The weird thing is that when I jump it, it will continue to run. If there is no charge going from the battery, shouldn't the plugs not fire and all the electrical components fail to work?

Finally, if this is the culprit, does anyone know if this is a specialty part or is this something thing that can be purchased at auto zone?

Thanks


----------



## HP11 (Apr 11, 2009)

Did you just pour diet coke on the positive treminal and brush it? If so, you should remove both of the terminals and clean them as well as the battery posts and then put them back on (positive first) and then try it.


----------



## ALKYGTO (Mar 29, 2010)

My GP did the same thing. With the engine running your alternator is keeping everything running. With the incredible load these electrical systems are under I think you should replace or upgrade your existing wiring, the wire is corroded much farther down the lead than you would believe. :cheers


----------



## noel the legend (Sep 27, 2007)

Thanks for the reply guys.
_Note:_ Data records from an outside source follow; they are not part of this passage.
Lemma unary_adv_net t : t <= N - L -> unary_net (adv_net t).
Proof.
move=> tN i; rewrite size_adv_net // => iN.
case: (ltnP i L) => iL.
  rewrite nth_adv_net_chain //; eexists; first reflexivity.
  by case: i iL {iN} => [|i] iL; [left | right; exists i].
case: (ltnP i (L + t)) => it; last by rewrite nth_adv_net_rest ?it //; eexists; [|left].
rewrite -(subnKC iL) nth_adv_net_query; last by lia.
eexists; first reflexivity; right; eexists; first reflexivity.
by rewrite subnKC // (leq_trans (free_block_end_lt _)).
Qed.

Lemma unary_adv_final : unary_net adv_final.
Proof. exact: unary_adv_net. Qed.

Lemma adv_final_query q st : L <= q < N -> dtr_upto h adv_final B q = Some st ->
  nth None adv_final q = Some [:: free_block_end (res st)].
Proof.
case/andP=> Lq qN Est; rewrite -(subnKC Lq) nth_adv_net_query; last by lia.
have tN : q - L <= N - L by lia.
rewrite (@dtr_upto_prefix h _ adv_final B (L + (q - L))) ?subnKC ?Est //.
- exact: unary_adv_net.
- exact: unary_adv_final.
- by rewrite size_adv_net ?size_adv_final.
by move=> i iq; rewrite /adv_final (@nth_adv_net_stable (q - L)) //; lia.
Qed.

Lemma chain_with_queries_adv_final : chain_with_queries adv_final L.
Proof.
split=> [v|j jL|q /andP [Lq qN]].
- exact/unary_nonconst/unary_adv_final.
- by rewrite /parents nth_adv_net_chain //; case: j jL.
rewrite size_adv_final in qN.
rewrite /parents /adv_final -(subnKC Lq) nth_adv_net_query; last by lia.
by eexists; first reflexivity; exact: free_block_end_lt.
Qed.

End Adversary.

Section DtrLowerBound.
Variables (h : heuristic) (N B : nat).
Hypotheses (B2 : 2 <= B) (BN : B <= N).
Local Notation L := (chain_len N).
Local Notation s := (block_len N B).
Local Notation G := (adv_final h N B).

Lemma remat_depth_chain n j f r : j < L -> n <= j.+1 -> j < f ->
  (forall x, j.+1 - n <= x <= j -> x \notin r) -> n <= remat_depth G f r j.
Proof.
elim: n j f r => [|n IH] j [|f] r //= jL nj jf fr.
rewrite (negbTE (fr j _)); last by lia.
rewrite /parents nth_adv_net_chain //=.
case: j jL nj jf fr => [|j] jL nj jf fr //=.
by rewrite ltnS; apply: IH => [||| x xj]; [lia | lia | lia | apply: fr; lia].
Qed.

Lemma remat_depth_free_block r :
  size r <= B -> s <= remat_depth G N r (free_block_end N B r).
Proof.
move=> rB; have [-> //|s0] := posnP s.
have [s_le free] := free_block_end_spec B2 BN rB s0.
have := free_block_end_lt B2 BN r; have := chain_len_lt B2 BN.
by move=> LN end_lt; apply: remat_depth_chain => //; lia.
Qed.

Lemma dtr_upto_adv_final q : q <= N ->
  exists2 st, dtr_upto h G B q = Some st &
    [/\ uniq (res st), all (fun x => x < q) (res st), size (res st) <= B &
        q + (q - L) * s <= cost st].
Proof.
elim: q => [|q IH] qN; first by exists (DState [::] [::] 0).
have [st Est [u a z c]] := IH (ltnW qN).
have qG : q < size G by rewrite size_adv_final.
have [st' Est' [u' a' z' c']] :=
  present_spec h (unary_adv_final (h := h) B2 BN) B2 qG u a z.
exists st'; first by rewrite dtr_uptoS Est.
split=> //; move: c'; rewrite size_adv_final /=.
have /negbTE -> : q \notin res st by apply/negP => /(allP a); rewrite ltnn.
case: (ltnP q L) => qL.
  have -> : q.+1 - L = 0 by lia.
  by case: parents => [|p ps]; lia.
rewrite /parents (adv_final_query B2 BN _ Est) /=; last by rewrite qL.
by rewrite subSn // mulSn; have := remat_depth_free_block z; lia.
Qed.

End DtrLowerBound.

Lemma sq_le_cost N B L s d : 2 <= B -> 2 * L <= N -> N <= (2 * L).+1 ->
  L < s.+1 * B.+1 -> N + (N - L) * s <= d -> N * N <= 6 * B * d.
Proof.
move=> B2 LN NL Ls Nd.
have Nsd : N * s.+1 <= 2 * d.
  have : N * s <= 2 * ((N - L) * s) by rewrite mulnA leq_mul2r; lia.
  by rewrite mulnS; lia.
have NsB : N <= 2 * (s.+1 * B.+1) by lia.
apply: leq_trans (leq_mul (leqnn N) NsB) _.
have -> : N * (2 * (s.+1 * B.+1)) = 2 * B.+1 * (N * s.+1) by lia.
apply: leq_trans (leq_mul (leqnn _) Nsd) _.
by rewrite mulnCA mulnA leq_mul2r; lia.
Qed.

Theorem theorem2 :
  exists k B0 : nat, 0 < k /\
  forall (h : heuristic) (N B : nat), B0 <= B -> B <= N ->
  exists G : net, size G = N /\ wf_net G /\
    exists (d : nat) (s : seq event),
      dtr_cost h G B = Some d /\ static_valid B G s /\
      N * static_cost G s <= k * B * d.
Proof.
exists 6, 2; split=> // h N B B2 BN.
set G := adv_final h N B.
have sizeG : size G = N := size_adv_final h N B.
exists G; split=> //; split; first exact/unary_wf_net/unary_adv_final.
have [st Est [_ _ _ cost_st]] := dtr_upto_adv_final h B2 BN (leqnn N).
have LG : chain_len N <= size G by rewrite sizeG ltnW // (chain_len_lt B2 BN).
have GL := chain_with_queries_adv_final h B2 BN.
exists (cost st), (static_sched G (chain_len N)).
split; first by rewrite dtr_cost_upto sizeG Est.
split; first exact: static_sched_valid.
apply: leq_trans (leq_mul (leqnn N) (static_sched_cost LG GL)) _.
rewrite sizeG; apply: sq_le_cost cost_st; rewrite /chain_len ?ltn_ceil //; lia.
Qed.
I just got home and can't find a ****ing wrench! Wife moved stuff around in the basement and can't find the tool box.

I'll be at it in the morning. After cleaning stuff up a bit more, the connections are still fine, but there was corrosion, so I'm hoping that once I get into it tomorrow, we should be all set.

Thanks again!


----------



## evs9684 (Sep 15, 2007)

Weird... i just had a similar problem... Thought it was the battery as i drained it dead from leaving interior lights on last year before going on a vacation... Charged it up and lasted a whole year until now. Took it to advanced auto parts and they said the battery was done so i bought a new optima yellow top and everything was fine. 

Came out the next morning and it wouldnt start again.... After about 3 times of turning the ignition i got lucky and it started right up... Took it straight to the mechanic and they did battery.. alternator tests... etc and said everything checked out but that the wires on the battery werent secured all the way and they couldnt regenerate my problem.
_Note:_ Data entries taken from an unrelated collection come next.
(* Assume (A1)–(A6) and that the numerical integrator $\Psi$ has order $p\ge1$ in $X$ for the problems $v'(s)=f(t_n+s,v(s))$ and $z'(s)=f(t_n+\frac k2+s,z(s))$. Let $\overline w_n$ be the generalized solution of $\overline w_n'=A\overline w_n$, $\overline w_n(0)=\Psi_{k/2}^{f,t_n}(u(t_n))$, $\partial\overline w_n(s)=\partial\big(u(t_n)+\frac k2 f(t_n,u(t_n))+sAu(t_n)\big)$, and let $\overline u_{n+1}=\Psi_{k/2}^{f,t_n+k/2}(\overline w_n(k))$ (one step of the modified exponential Strang method started from the exact value). Then the local error satisfies $$\rho_{n+1}:=\overline u_{n+1}-u(t_{n+1})=O(k^2).$$
   Context: Let $X,Y$ be Banach spaces, $T>0$, $A:D(A)\subset X\to X$ and $\partial:D(A)\to Y$ linear operators, $f:[0,T]\times X\to X$, $g:[0,T]\to Y$, and let $u$ be the solution of $u'(t)=Au(t)+f(t,u(t))$, $u(0)=u_0$, $\partial u(t)=g(t)$, $0\le t\le T$. Standing hypotheses: (A1) $\partial$ is onto. (A2) $\ker\partial$ is dense in $X$ and the restriction $A_0$ of $A$ to $D(A_0)=\ker\partial$ generates a $C_0$-semigroup $(e^{tA_0})_{t\ge0}$ on $X$ of negative type $\omega$. (A3) For every $z\in\mathbb C$ with $\Re z>\omega$ and $v\in Y$, the problem $Ax=zx$, $\partial x=v$ has a unique solution $x=:K(z)v\in D(A)$, and $\|K(z)v\|\le C\|v\|$ with $C$ uniform for $\Re z\ge\omega_0>\omega$. (A4) $f\in C^1([0,T]\times X,X)$. (A5) $u\in C^2([0,T],X)$, $u(t)\in D(A^2)$ for all $t$, and $Au,A^2u\in C^1([0,T],X)$. (A6) $f(t,u(t))\in D(A)$ for all $t$ and $Af(\cdot,u(\cdot))\in C([0,T],X)$. Generalized solution: for $u_0\in X$, $v_0,v_1\in Y$, the generalized solution of $w'(s)=Aw(s)$, $w(0)=u_0$, $\partial w(s)=v_0+v_1s$ is $w(s)=e^{sA_0}(u_0-K(0)v_0)+K(0)(v_0+v_1s)-\int_0^s e^{\sigma A_0}K(0)v_1\,d\sigma$. Time step $k>0$, $t_n=nk$. For $\tau\in[0,T]$, $\Psi_k^{f,\tau}(v_0)$ denotes one step of size $k$ of a numerical integrator applied to $v'(s)=f(\tau+s,v(s))$, $v(0)=v_0$; order $p$ means $\Psi_k^{f,\tau}(v_0)-v(k)=O(k^{p+1})$ uniformly for the arguments considered. Notation $a=O(b)$ means $\|a\|\le Cb$ with $C$ independent of $k$ (small enough) and of $n$ with $0\le nk\le T$. *)

From Stdlib Require Export Reals Lra ClassicalEpsilon.
Open Scope R_scope.

Class Banach (V : Type) := {
  bzero : V;
  badd : V -> V -> V;
  bopp : V -> V;
  bscal : R -> V -> V;
  bnorm : V -> R;
  badd_assoc : forall x y z, badd x (badd y z) = badd (badd x y) z;
  badd_comm : forall x y, badd x y = badd y x;
  badd_0 : forall x, badd x bzero = x;
  badd_opp : forall x, badd x (bopp x) = bzero;
  bscal_1 : forall x, bscal 1 x = x;
  bscal_assoc : forall a b x, bscal a (bscal b x) = bscal (a * b) x;
  bscal_distr_v : forall a x y, bscal a (badd x y) = badd (bscal a x) (bscal a y);
  bscal_distr_s : forall a b x, bscal (a + b) x = badd (bscal a x) (bscal b x);
  bnorm_eq0 : forall x, bnorm x = 0 -> x = bzero;
  bnorm_triangle : forall x y, bnorm (badd x y) <= bnorm x + bnorm y;
  bnorm_scal : forall a x, bnorm (bscal a x) = Rabs a * bnorm x;
  bcomplete : forall u : nat -> V,
    (forall eps, eps > 0 -> exists N, forall m n, (m >= N)%nat -> (n >= N)%nat ->
        bnorm (badd (u m) (bopp (u n))) < eps) ->
    exists l, forall eps, eps > 0 -> exists N, forall n, (n >= N)%nat ->
        bnorm (badd (u n) (bopp l)) < eps
}.

Definition bsub {V} `{Banach V} (x y : V) : V := badd x (bopp y).

Definition lim_in {V} `{Banach V} (Dm : R -> Prop) (g : R -> V) (a : R) (l : V) : Prop :=
  forall eps, eps > 0 -> exists delta, delta > 0 /\
    forall t, Dm t -> t <> a -> Rabs (t - a) < delta -> bnorm (bsub (g t) l) < eps.

Definition cont_on {V} `{Banach V} (a b : R) (g : R -> V) : Prop :=
  forall t, a <= t <= b -> lim_in (fun s => a <= s <= b) g t (g t).

Definition deriv_on {V} `{Banach V} (a b : R) (g g' : R -> V) : Prop :=
  forall t, a <= t <= b ->
    lim_in (fun h => a <= t + h <= b) (fun h => bscal (/ h) (bsub (g (t + h)) (g t))) 0 (g' t).

Definition C1_on {V} `{Banach V} (a b : R) (g : R -> V) : Prop :=
  exists g', deriv_on a b g g' /\ cont_on a b g'.

Definition C2_on {V} `{Banach V} (a b : R) (g : R -> V) : Prop :=
  exists g', deriv_on a b g g' /\ C1_on a b g'.

Fixpoint bsum {V} `{Banach V} (N : nat) (F : nat -> V) : V :=
  match N with O => bzero | S n => badd (bsum n F) (F n) end.

(** Riemann integral (limit of uniform Riemann sums; used only for continuous integrands). *)
Definition is_RInt {V} `{Banach V} (g : R -> V) (a b : R) (I : V) : Prop :=
  forall eps, eps > 0 -> exists N0, forall N, (N >= N0)%nat -> (N > 0)%nat ->
    bnorm (bsub (bscal ((b - a) / INR N)
                   (bsum N (fun i => g (a + INR i * (b - a) / INR N)))) I) < eps.

Definition RInt {V} `{Banach V} (g : R -> V) (a b : R) : V :=
  epsilon (inhabits bzero) (fun I => is_RInt g a b I).

Definition subspace {V} `{Banach V} (Dm : V -> Prop) : Prop :=
  Dm bzero /\ forall x y a, Dm x -> Dm y -> Dm (badd x y) /\ Dm (bscal a x).

Definition lin_on {V W} `{Banach V} `{Banach W} (Dm : V -> Prop) (L : V -> W) : Prop :=
  forall x y a, Dm x -> Dm y -> L (badd x y) = badd (L x) (L y) /\ L (bscal a x) = bscal a (L x).

Definition bounded_linear {V W} `{Banach V} `{Banach W} (L : V -> W) : Prop :=
  lin_on (fun _ => True) L /\ exists M, forall x, bnorm (L x) <= M * bnorm x.

Definition C0_semigroup {V} `{Banach V} (S : R -> V -> V) : Prop :=
  (forall t, t >= 0 -> bounded_linear (S t)) /\
  (forall x, S 0 x = x) /\
  (forall t s x, t >= 0 -> s >= 0 -> S (t + s) x = S t (S s x)) /\
  (forall x, lim_in (fun t => t >= 0) (fun t => S t x) 0 x).

Definition generates {V} `{Banach V} (S : R -> V -> V) (D0 : V -> Prop) (A0 : V -> V) : Prop :=
  forall x,
    (D0 x <-> exists l, lim_in (fun h => h > 0) (fun h => bscal (/ h) (bsub (S h x) x)) 0 l) /\
    (D0 x -> lim_in (fun h => h > 0) (fun h => bscal (/ h) (bsub (S h x) x)) 0 (A0 x)).

Definition negative_type {V} `{Banach V} (S : R -> V -> V) (omega : R) : Prop :=
  omega < 0 /\ exists M, forall t x, t >= 0 -> bnorm (S t x) <= M * exp (omega * t) * bnorm x.

(** f in C^1([0,T] x X, X) (Frechet, derivative continuous in operator norm);
    [Df t x s y] is the derivative at (t,x) applied to the increment (s,y). *)
Definition C1_TX {V} `{Banach V} (T : R) (f : R -> V -> V) : Prop :=
  exists Df : R -> V -> R -> V -> V,
    (forall t x, 0 <= t <= T ->
       (forall s1 s2 y1 y2 a,
          Df t x (s1 + s2) (badd y1 y2) = badd (Df t x s1 y1) (Df t x s2 y2) /\
          Df t x (a * s1) (bscal a y1) = bscal a (Df t x s1 y1)) /\
       (exists M, forall s y, bnorm (Df t x s y) <= M * (Rabs s + bnorm y))) /\
    (forall t x, 0 <= t <= T -> forall eps, eps > 0 -> exists delta, delta > 0 /\
       forall s y, 0 <= t + s <= T -> Rabs s + bnorm y < delta ->
         bnorm (bsub (bsub (f (t + s) (badd x y)) (f t x)) (Df t x s y))
           <= eps * (Rabs s + bnorm y)) /\
    (forall t x, 0 <= t <= T -> forall eps, eps > 0 -> exists delta, delta > 0 /\
       forall t' x', 0 <= t' <= T -> Rabs (t' - t) + bnorm (bsub x' x) < delta ->
         forall s y, bnorm (bsub (Df t' x' s y) (Df t x s y)) <= eps * (Rabs s + bnorm y)).

(** Generalized solution of w' = A w, w(0) = u0, d w(s) = v0 + v1 s, with K0 = K(0):
    w(s) = S s (u0 - K0 v0) + K0 (v0 + s v1) - int_0^s S sigma (K0 v1) dsigma. *)
Definition gen_sol {X Y} `{Banach X} `{Banach Y} (S : R -> X -> X) (K0 : Y -> X)
    (u0 : X) (v0 v1 : Y) (s : R) : X :=
  bsub (badd (S s (bsub u0 (K0 v0))) (K0 (badd v0 (bscal s v1))))
       (RInt (fun sigma => S sigma (K0 v1)) 0 s).

Definition wbar_k {X Y} `{Banach X} `{Banach Y} (S : R -> X -> X) (K : R -> Y -> X)
    (A : X -> X) (dA : X -> Y) (f : R -> X -> X) (Psi : R -> R -> X -> X)
    (u : R -> X) (k : R) (n : nat) : X :=
  let tn := INR n * k in
  gen_sol S (K 0) (Psi (k / 2) tn (u tn))
    (dA (badd (u tn) (bscal (k / 2) (f tn (u tn))))) (dA (A (u tn))) k.

(* The local error splits into pieces that are each O(k^2).
   - Each half step of [Psi] (order [p >= 1]) is O(k^2)-close to the exact flow of [v' = f(t, v)], and
     that flow is O(k^2)-close to the explicit Euler step.  The flow exists because [f], being C^1, is
     bounded and Lipschitz on a tube around the graph of [u]; it is built as a limit of Euler polygons.
   - Subtracting the lifts [K(0) v] of the boundary values leaves data in [D(A0)], and
     [e^{kA0} z - z = int_0^k e^{sA0} A z ds] then shows that [wbar_n(k)] is O(k^2)-close to
     [u(t_n) + (k/2) f(t_n, u(t_n)) + k A u(t_n)]; the bounds on [A^2 u] and [A f(., u)] come from (A5)-(A6).
   - Taylor's formula gives [u(t_(n+1)) = u(t_n) + k (A u + f)(t_n, u(t_n)) + O(k^2)], and the remaining
     difference between the two evaluations of [f] is controlled by its Lipschitz constant. *)

From Stdlib Require Import Reals Lra Lia Psatz List Classical ClassicalEpsilon.
Open Scope R_scope.

(** * Linear combinations and norms *)

Section VectorAlgebra.
Context {V : Type} {BV : Banach V}.

Lemma badd_0_l x : badd bzero x = x.
Proof. rewrite badd_comm; apply badd_0. Qed.

Lemma bscal_0_l x : bscal 0 x = bzero.
Proof.
  assert (H := bscal_distr_s 0 0 x). replace (0 + 0) with 0 in H by ring.
  assert (H2 : badd (bscal 0 x) (bopp (bscal 0 x))
               = badd (badd (bscal 0 x) (bscal 0 x)) (bopp (bscal 0 x))) by (rewrite <- H; reflexivity).
  rewrite badd_opp, <- badd_assoc, badd_opp, badd_0 in H2. auto.
Qed.

Lemma bopp_scal x : bopp x = bscal (-1) x.
Proof.
  assert (H : badd x (bscal (-1) x) = bzero).
  { rewrite <- (bscal_1 x) at 1. rewrite <- bscal_distr_s. replace (1 + -1) with 0 by ring. apply bscal_0_l. }
  assert (E : bopp x = badd (badd x (bscal (-1) x)) (bopp x)) by (rewrite H, badd_0_l; auto).
  rewrite E, (badd_comm x), <- badd_assoc, badd_opp, badd_0. auto.
Qed.

Lemma bscal_0_r a : bscal a bzero = bzero.
Proof. rewrite <- (bscal_0_l bzero), bscal_assoc. replace (a * 0) with 0 by ring. auto. Qed.

Lemma bsum_ext N F G : (forall i, (i < N)%nat -> F i = G i) -> bsum N F = bsum N G.
Proof. induction N; simpl; intros; auto. rewrite IHN, H; auto. Qed.

Lemma bsum_add N F G : bsum N (fun i => badd (F i) (G i)) = badd (bsum N F) (bsum N G).
Proof.
  induction N; simpl. rewrite badd_0; auto.
  rewrite IHN, !badd_assoc. f_equal. rewrite <- !badd_assoc. f_equal. apply badd_comm.
Qed.

Lemma bsum_scal N r F : bsum N (fun i => bscal r (F i)) = bscal r (bsum N F).
Proof. induction N; simpl. rewrite bscal_0_r; auto. rewrite IHN, bscal_distr_v; auto. Qed.

Lemma bsum_zero N : bsum N (fun _ => bzero) = bzero.
Proof. induction N; simpl; auto. rewrite IHN, badd_0; auto. Qed.

(* Formal linear combinations of atoms, and their coefficient vectors; [vring] below
   decides equalities of vector expressions by comparing coefficients. *)
Inductive vexp := VAt (n : nat) | V0 | VAdd (e1 e2 : vexp) | VOpp (e : vexp)
  | VScal (r : R) (e : vexp) | VSub (e1 e2 : vexp).

Fixpoint vden (env : nat -> V) (e : vexp) : V :=
  match e with
  | VAt n => env n | V0 => bzero | VAdd a b => badd (vden env a) (vden env b)
  | VOpp a => bopp (vden env a) | VScal r a => bscal r (vden env a)
  | VSub a b => bsub (vden env a) (vden env b)
  end.

Fixpoint vcoef (e : vexp) (i : nat) : R :=
  match e with
  | VAt n => if Nat.eqb i n then 1 else 0 | V0 => 0
  | VAdd a b => vcoef a i + vcoef b i | VOpp a => - vcoef a i
  | VScal r a => r * vcoef a i | VSub a b => vcoef a i - vcoef b i
  end.

Fixpoint vsupp (e : vexp) : nat :=
  match e with
  | VAt n => S n | V0 => O | VAdd a b => Nat.max (vsupp a) (vsupp b) | VOpp a => vsupp a
  | VScal _ a => vsupp a | VSub a b => Nat.max (vsupp a) (vsupp b)
  end.

Lemma vden_bsum env e N : (vsupp e <= N)%nat ->
  vden env e = bsum N (fun i => bscal (vcoef e i) (env i)).
Proof.
  induction e; simpl; intros.
  - induction N. lia. simpl. destruct (Nat.eq_dec n N).
    + subst. rewrite Nat.eqb_refl, bscal_1.
      rewrite (bsum_ext _ _ (fun _ => bzero)), bsum_zero, badd_0_l; auto.
      intros. destruct (Nat.eqb_spec i N); [lia|]. apply bscal_0_l.
    + rewrite IHN by lia. destruct (Nat.eqb_spec N n); [lia|]. rewrite bscal_0_l, badd_0; auto.
  - rewrite (bsum_ext _ _ (fun _ => bzero)). symmetry; apply bsum_zero.
    intros; apply bscal_0_l.
  - rewrite IHe1, IHe2 by lia. rewrite <- bsum_add. apply bsum_ext; intros.
    rewrite bscal_distr_s; auto.
  - rewrite IHe by lia. rewrite bopp_scal, <- bsum_scal. apply bsum_ext; intros.
    rewrite bscal_assoc. f_equal; ring.
  - rewrite IHe by lia. rewrite <- bsum_scal. apply bsum_ext; intros.
    rewrite bscal_assoc. auto.
  - unfold bsub. rewrite IHe1, IHe2 by lia. rewrite bopp_scal, <- bsum_scal, <- bsum_add.
    apply bsum_ext; intros. rewrite bscal_assoc, <- bscal_distr_s. f_equal; ring.
Qed.

Lemma vden_eq env e1 e2 : (forall i, vcoef e1 i = vcoef e2 i) -> vden env e1 = vden env e2.
Proof.
  intros H. rewrite (vden_bsum env e1 (Nat.max (vsupp e1) (vsupp e2))) by lia.
  rewrite (vden_bsum env e2 (Nat.max (vsupp e1) (vsupp e2))) by lia.
  apply bsum_ext; intros; rewrite H; auto.
Qed.

End VectorAlgebra.

Ltac inlist t l :=
  match l with
  | nil => constr:(false)
  | t :: _ => constr:(true)
  | _ :: ?l' => inlist t l'
  end.

Ltac add_atoms t l :=
  match t with
  | badd ?a ?b => let l1 := add_atoms a l in add_atoms b l1
  | bsub ?a ?b => let l1 := add_atoms a l in add_atoms b l1
  | bopp ?a => add_atoms a l
  | bscal _ ?a => add_atoms a l
  | bzero => l
  | _ => let b := inlist t l in
         match b with true => l | false => constr:(t :: l) end
  end.

Ltac find_idx t l :=
  match l with
  | t :: _ => constr:(O)
  | _ :: ?l' => let n := find_idx t l' in constr:(S n)
  end.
So from then on it has started everytime i have turned the key BUT there has been a few times where it has sounded like it had some trouble or like it almost didnt start... I have been reading around and asking what it could be and it sounds like it could be a starter? What do you guys think?


----------



## noel the legend (Sep 27, 2007)

I have come to the conclusion...a number of years ago...that shops aren't interested in fixing your car, just taking your money. If I were you, I'd take off the connecting wires to the battery and make sure that there is no corrosion on the posts or the connecting terminals. It could be a simple thing like this, but they'd rather sell you a battery and charge for God-knows-what-else. 

I haven't cleaned them yet (will post again after I give it a shot around noon), but I'm anticipating that this will be the solution to my problem (and possibly yours).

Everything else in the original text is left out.